• Task goal: Begin with the line that has "From HB Require Import structures.". Give it and every line after it again, exactly, through the end of the entries below.
+--
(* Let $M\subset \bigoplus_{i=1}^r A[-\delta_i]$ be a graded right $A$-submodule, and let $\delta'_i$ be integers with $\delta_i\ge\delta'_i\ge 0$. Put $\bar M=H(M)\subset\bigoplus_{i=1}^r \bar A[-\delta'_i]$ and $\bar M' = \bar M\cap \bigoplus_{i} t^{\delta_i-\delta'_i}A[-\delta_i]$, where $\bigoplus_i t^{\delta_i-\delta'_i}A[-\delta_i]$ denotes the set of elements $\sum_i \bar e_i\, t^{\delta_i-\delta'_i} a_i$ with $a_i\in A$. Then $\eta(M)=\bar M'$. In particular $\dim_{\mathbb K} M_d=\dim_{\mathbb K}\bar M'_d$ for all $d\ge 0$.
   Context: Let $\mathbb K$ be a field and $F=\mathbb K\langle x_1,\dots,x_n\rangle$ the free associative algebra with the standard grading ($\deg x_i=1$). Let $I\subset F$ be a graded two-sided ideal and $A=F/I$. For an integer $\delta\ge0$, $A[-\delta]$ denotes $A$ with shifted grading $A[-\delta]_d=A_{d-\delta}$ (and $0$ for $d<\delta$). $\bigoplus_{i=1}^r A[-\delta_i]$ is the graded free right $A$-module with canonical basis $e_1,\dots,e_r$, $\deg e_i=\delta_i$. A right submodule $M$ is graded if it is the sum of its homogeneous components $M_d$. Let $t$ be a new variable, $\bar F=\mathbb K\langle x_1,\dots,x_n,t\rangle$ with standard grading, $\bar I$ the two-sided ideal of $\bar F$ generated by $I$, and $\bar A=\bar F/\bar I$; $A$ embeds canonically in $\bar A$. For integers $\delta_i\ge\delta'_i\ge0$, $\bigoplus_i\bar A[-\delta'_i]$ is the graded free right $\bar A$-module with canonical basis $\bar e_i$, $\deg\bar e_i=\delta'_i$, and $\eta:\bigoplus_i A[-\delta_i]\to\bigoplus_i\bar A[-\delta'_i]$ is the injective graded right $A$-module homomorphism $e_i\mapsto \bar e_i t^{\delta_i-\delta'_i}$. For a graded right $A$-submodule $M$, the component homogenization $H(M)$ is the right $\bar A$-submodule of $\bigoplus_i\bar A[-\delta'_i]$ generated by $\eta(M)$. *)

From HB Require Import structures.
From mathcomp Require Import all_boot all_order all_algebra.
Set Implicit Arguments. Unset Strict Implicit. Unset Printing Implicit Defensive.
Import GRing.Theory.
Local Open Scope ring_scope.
+--
• The answer:
From HB Require Import structures.
From mathcomp Require Import all_boot all_order all_algebra.
Set Implicit Arguments. Unset Strict Implicit. Unset Printing Implicit Defensive.
Import GRing.Theory.
Local Open Scope ring_scope.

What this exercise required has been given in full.